## Exercise data
------

Lemma last_coincidence {f g : R -> X} {s t : R} :
  continuous f -> continuous g -> s <= t -> f s = g s -> f t != g t ->
  exists sigma, [/\ s <= sigma, sigma < t, f sigma = g sigma &
    forall u, sigma < u <= t -> f u != g u].
Proof.
move=> fc gc st fgs fgt.
pose E := [set u | s <= u <= t /\ f u = g u].
have hE : has_sup E.
  by split; [exists s; split; rewrite ?lexx ?st | exists t => u [/andP[]]].
have cE : closed E.
  have -> : E = `[s, t] `&` (f \- g) @^-1` [set 0].
    apply/seteqP; split=> u; rewrite /E /= in_itv /=.
      by move=> [-> fgu]; split=> //; rewrite fgu subrr.
    by move=> [-> /subr0_eq].
  apply: closedI; first exact: interval_closed.
  apply: preimage_closed => [u _|]; last exact: finite_set_closed (finite_set1 _).
  by apply: cvgB; [exact: fc|exact: gc].
have [/andP[ssup supt] fgsup] : E (sup E).
  by rewrite {1}(closure_id E).1 //; apply: closure_sup; case: hE.
exists (sup E); split=> //.
  by rewrite lt_neqAle supt andbT; apply: contra_neq fgt => <-.
move=> u /andP[supu ut]; apply/eqP => fgu.
have /(sup_upper_bound hE) : E u by split; rewrite // ut (le_trans ssup) ?ltW.
by rewrite leNgt supu.
Qed.

End NormedSpace.

Lemma negligible_bigcup_countable d (T : measurableType d) (R : realType)
    (mu : {measure set T -> \bar R}) (I : countType) (F : I -> set T) :
  (forall i, mu.-negligible (F i)) -> mu.-negligible (\bigcup_i F i).
Proof.
move=> nF; have -> : \bigcup_i F i = \bigcup_m oapp F set0 (unpickle m).
  apply/seteqP; split=> [t [i _ Fit]|t [m _]].
    by exists (pickle i); rewrite ?pickleK.
  by case: (unpickle m) => // i Fit; exists i.
apply: negligible_bigcup => m.
by case: (unpickle m) => [i|]; [exact: nF|exact: negligible_set0].
Qed.

Lemma measure_setI_conull {d} {T : measurableType d} {R : realType}
    (mu : {measure set T -> \bar R}) {A G : set T} :
  measurable A -> measurable G -> mu.-negligible (~` G) -> mu (A `&` G) = mu A.
Proof.
move=> mA mG nG; rewrite [RHS](measureDI mu mA mG).
rewrite (measure_negligible (measurableD mA mG)) ?add0e //.
by apply: negligibleS nG => t [].
Qed.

------

## Work order
Each of the records above is to be copied exactly.

## Solved problem
Lemma last_coincidence {f g : R -> X} {s t : R} :
  continuous f -> continuous g -> s <= t -> f s = g s -> f t != g t ->
  exists sigma, [/\ s <= sigma, sigma < t, f sigma = g sigma &
    forall u, sigma < u <= t -> f u != g u].
Proof.
move=> fc gc st fgs fgt.
pose E := [set u | s <= u <= t /\ f u = g u].
have hE : has_sup E.
  by split; [exists s; split; rewrite ?lexx ?st | exists t => u [/andP[]]].
have cE : closed E.
  have -> : E = `[s, t] `&` (f \- g) @^-1` [set 0].
    apply/seteqP; split=> u; rewrite /E /= in_itv /=.
      by move=> [-> fgu]; split=> //; rewrite fgu subrr.
    by move=> [-> /subr0_eq].
  apply: closedI; first exact: interval_closed.
  apply: preimage_closed => [u _|]; last exact: finite_set_closed (finite_set1 _).
  by apply: cvgB; [exact: fc|exact: gc].
have [/andP[ssup supt] fgsup] : E (sup E).
  by rewrite {1}(closure_id E).1 //; apply: closure_sup; case: hE.
exists (sup E); split=> //.
  by rewrite lt_neqAle supt andbT; apply: contra_neq fgt => <-.
move=> u /andP[supu ut]; apply/eqP => fgu.
have /(sup_upper_bound hE) : E u by split; rewrite // ut (le_trans ssup) ?ltW.
by rewrite leNgt supu.
Qed.

End NormedSpace.

Lemma negligible_bigcup_countable d (T : measurableType d) (R : realType)
    (mu : {measure set T -> \bar R}) (I : countType) (F : I -> set T) :
  (forall i, mu.-negligible (F i)) -> mu.-negligible (\bigcup_i F i).
Proof.
move=> nF; have -> : \bigcup_i F i = \bigcup_m oapp F set0 (unpickle m).
  apply/seteqP; split=> [t [i _ Fit]|t [m _]].
    by exists (pickle i); rewrite ?pickleK.
  by case: (unpickle m) => // i Fit; exists i.
apply: negligible_bigcup => m.
by case: (unpickle m) => [i|]; [exact: nF|exact: negligible_set0].
Qed.

Lemma measure_setI_conull {d} {T : measurableType d} {R : realType}
    (mu : {measure set T -> \bar R}) {A G : set T} :
  measurable A -> measurable G -> mu.-negligible (~` G) -> mu (A `&` G) = mu A.
Proof.
move=> mA mG nG; rewrite [RHS](measureDI mu mA mG).
rewrite (measure_negligible (measurableD mA mG)) ?add0e //.
by apply: negligibleS nG => t [].
Qed.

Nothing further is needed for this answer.